A character scalar. Should the confidence intervals for the interval_type = "norm" use the estimated standard error based on the observed information or based on the expected information?

...

plot.confint_kgaps: further arguments passed to plot.confint.

print.confint_kgaps: further arguments passed to print.default.

x

an object of class c("confint_kgaps", "exdex"), a result of a call to confint.kgaps.

Value

A list of class c("confint_kgaps", "exdex") containing the following components.

cis

A matrix with columns giving the lower and upper confidence limits. These are labelled as (1 - level)/2 and 1 - (1 - level)/2 in % (by default 2.5% and 97.5%). The row names indicate the type of interval: norm for intervals based on large sample normality and lik for likelihood-based intervals. If object$k = 0 then both confidence limits are returned as being equal to the point estimate of \(\theta\).

call

The call to spm.

object

The input object object.

level

The input level.

plot.confint_kgaps: nothing is returned. If x$object$k = 0 then no plot is produced.

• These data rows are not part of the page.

(* Let $H$ be a Hilbert space, let $\mathbf{a}=[a_1,\dots,a_\ell]$ be a row and $\mathbf{b}=[b_1,\dots,b_\ell]^t$ a column of operators in $\mathcal{B}(H)$, and let $Tx=\sum_{j=1}^\ell a_jxb_j$ ($x\in\mathcal{B}(H)$). Then \[ \|T\|=\sup\left\{\left\|\sqrt{Q(\mathbf{b},\eta)^t}\,\mathbf{a}^*\right\|_{S1}:\eta\in H,\ \|\eta\|=1\right\}. \]
   Context: For $\eta\in H$, $Q(\mathbf{b},\eta)=(\langle b_j\eta,b_i\eta\rangle)_{i,j=1}^\ell\in M_\ell(\mathbb{C})$, which is positive semidefinite; $\sqrt{Q(\mathbf{b},\eta)^t}$ is the positive semidefinite square root of its transpose. $\mathbf{a}^*=[a_1^*,\dots,a_\ell^*]^t$ is a column of operators, and for a scalar matrix $\alpha=(\alpha_{jk})\in M_\ell(\mathbb{C})$, $\alpha\mathbf{a}^*$ is the column whose $j$-th entry is $\sum_k\alpha_{jk}a_k^*$. On $H^\ell$ define the norm $\|(\xi_1,\dots,\xi_\ell)\|_{S1}=\operatorname{trace}\sqrt{(\langle\xi_i,\xi_j\rangle)_{i,j=1}^\ell}$. For a column $\mathbf{c}=[c_1,\dots,c_\ell]^t$ of operators in $\mathcal{B}(H)$, regarded as an operator $H\to H^\ell$, $\xi\mapsto(c_1\xi,\dots,c_\ell\xi)$, $\|\mathbf{c}\|_{S1}$ denotes its operator norm from $H$ (Hilbert norm) to $(H^\ell,\|\cdot\|_{S1})$. $\|T\|$ is the operator norm on $\mathcal{B}(H)$. *)

From HB Require Import structures.
From mathcomp Require Import all_boot all_order all_algebra.
From mathcomp Require Import complex.
From mathcomp Require Import boolp classical_sets reals.

Set Implicit Arguments.
Unset Strict Implicit.
Unset Printing Implicit Defensive.

Import Order.TTheory GRing.Theory Num.Theory.
Local Open Scope ring_scope.
Local Open Scope classical_set_scope.

Section Hilbert.
Variable R : realType.
Local Notation C := R[i].
Variable H : lmodType C.
(* inner product, linear in the FIRST argument, conjugate-linear in the second *)
Variable ip : H -> H -> C.

Definition is_inner_product : Prop :=
  [/\ forall (a : C) (x y z : H), ip (a *: x + y) z = a * ip x z + ip y z,
      forall x y, ip y x = conjc (ip x y),
      forall x, 0 <= ip x x
    & forall x, ip x x = 0 -> x = 0].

print.confint_kgaps: the argument x, invisibly.

Details

Two type of interval are calculated: (a) an interval based on the approximate large sample normality of the estimator of \(\theta\) (if conf_scale = "theta") or of \(\log\theta\) (if conf_scale = "log") and (b) a likelihood-based interval, based on the approximate large sample chi-squared, with 1 degree of freedom, distribution of the log-likelihood ratio statistic.

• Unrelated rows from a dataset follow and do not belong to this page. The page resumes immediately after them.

Lemma quad_lim_approx e : 0 < e ->
  exists K, mxle quad_lim (quad_iter K + e *: const_mx 1).
Proof.
move=> e0; have [K iterK] : exists K, forall p : 'I_n * 'I_n,
    quad_lim p.1 p.2 - e < quad_iter K p.1 p.2.
  apply: fin_exists_uniform => [[i j] k l kl /lt_le_trans -> //|[i j]].
    exact: quad_iter_mono.
  have [_ [k _ <-]] := sup_adherent e0 (has_sup_quad_iter i j).
  by exists k; rewrite mxE.
by exists K => i j; have := iterK (i, j); rewrite !mxE mulr1 /=; lra.
Qed.

(* [quad_step L <= L] up to [e M] for every [e > 0], because
   [L L - X X = (L - X) L + X (L - X)] with [L - X <= e J] for [X] a late
   iterate. *)
Lemma quad_lim_step : quad_step P Q quad_lim = quad_lim.
Proof.
set L := quad_lim; pose J := const_mx 1 : 'M[R]_n.
have J0 : mxle 0 J by apply/mxge0P => i j; rewrite mxE.
apply/matrixP => i j; apply/eqP; rewrite eq_le; apply/andP; split; last first.
  apply: quad_lim_le => -[|k]; first exact: quad_step_ge0 quad_lim_ge0.
  exact: quad_step_mono (quad_iter_ge0 k) (quad_iter_le_lim k).
pose M := P *m (J *m L + L *m J).
suff: mxle (quad_step P Q L) L by move/(_ i j); rewrite !mxE.
apply: (@mxle_addZ_gt0 _ _ _ _ _ M).
  apply: mulmx_ge0 => //.
  by apply: addmx_ge0; apply: mulmx_ge0 => //; apply: quad_lim_ge0.
move=> e e0; have [K LK] := quad_lim_approx e0.
set X := quad_iter K; have X0 : mxle 0 X := quad_iter_ge0 K.
have XL : mxle X L := quad_iter_le_lim K.
have LX : mxle (L - X) (e *: J) by move=> a b; have := LK a b; rewrite !mxE; lra.
have LL : mxle (L *m L) (X *m X + e *: (J *m L + L *m J)).
  have -> : L *m L = X *m X + ((L - X) *m L + X *m (L - X)).
    by rewrite mulmxBl mulmxBr [X *m X + _]addrC addrA subrK subrK.
  apply: mxleD => //; rewrite scalerDr scalemxAl scalemxAr.
  apply: mxleD; first exact: mxle_mul2r quad_lim_ge0 LX.
  apply: mxle_trans (mxle_mul2l X0 LX) (mxle_mul2r _ XL).
  by apply/mxge0P => a b; rewrite !mxE mulr1 ltW.
apply: (@mxle_trans _ _ _ _ (quad_iter K.+1 + e *: M)); last first.
  by apply: mxleD => //; apply: quad_iter_le_lim.
rewrite /= -/X /quad_step /M addrAC scalemxAr -mulmxDr.
by apply: mxleD => //; apply: mxle_mul2l.
Qed.

Lemma quad_lim_mulu : mxle (quad_lim *m u) ((P + Q) *m u).
Proof.
pose J := const_mx 1 : 'M[R]_n.
apply: (@mxle_addZ_gt0 _ _ _ _ _ (J *m u)).
  by apply: mulmx_ge0 (mxposW u0); apply/mxge0P => i j; rewrite mxE.
move=> e e0; have [K LK] := quad_lim_approx e0.
apply: mxle_trans (mxle_mul2r (mxposW u0) LK) _.
by rewrite mulmxDl -scalemxAl; apply: mxleD => //; apply: quad_iter_mulu.
Qed.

print.confint_kgaps prints the matrix of confidence intervals for \(\theta\).

References

Suveges, M. and Davison, A. C. (2010) Model misspecification in peaks over threshold analysis, Annals of Applied Statistics, 4(1), 203-221. doi:10.1214/09-AOAS292

See also

kgaps for estimation of the extremal index \(\theta\) using a semiparametric maxima method.

Examples

u <- quantile(newlyn, probs = 0.90)
theta <- kgaps(newlyn, u)
cis <- confint(theta)
cis
#>          2.5 %    97.5 %
#> norm 0.3334645 0.4223252
#> lik  0.3345564 0.4233067
plot(cis)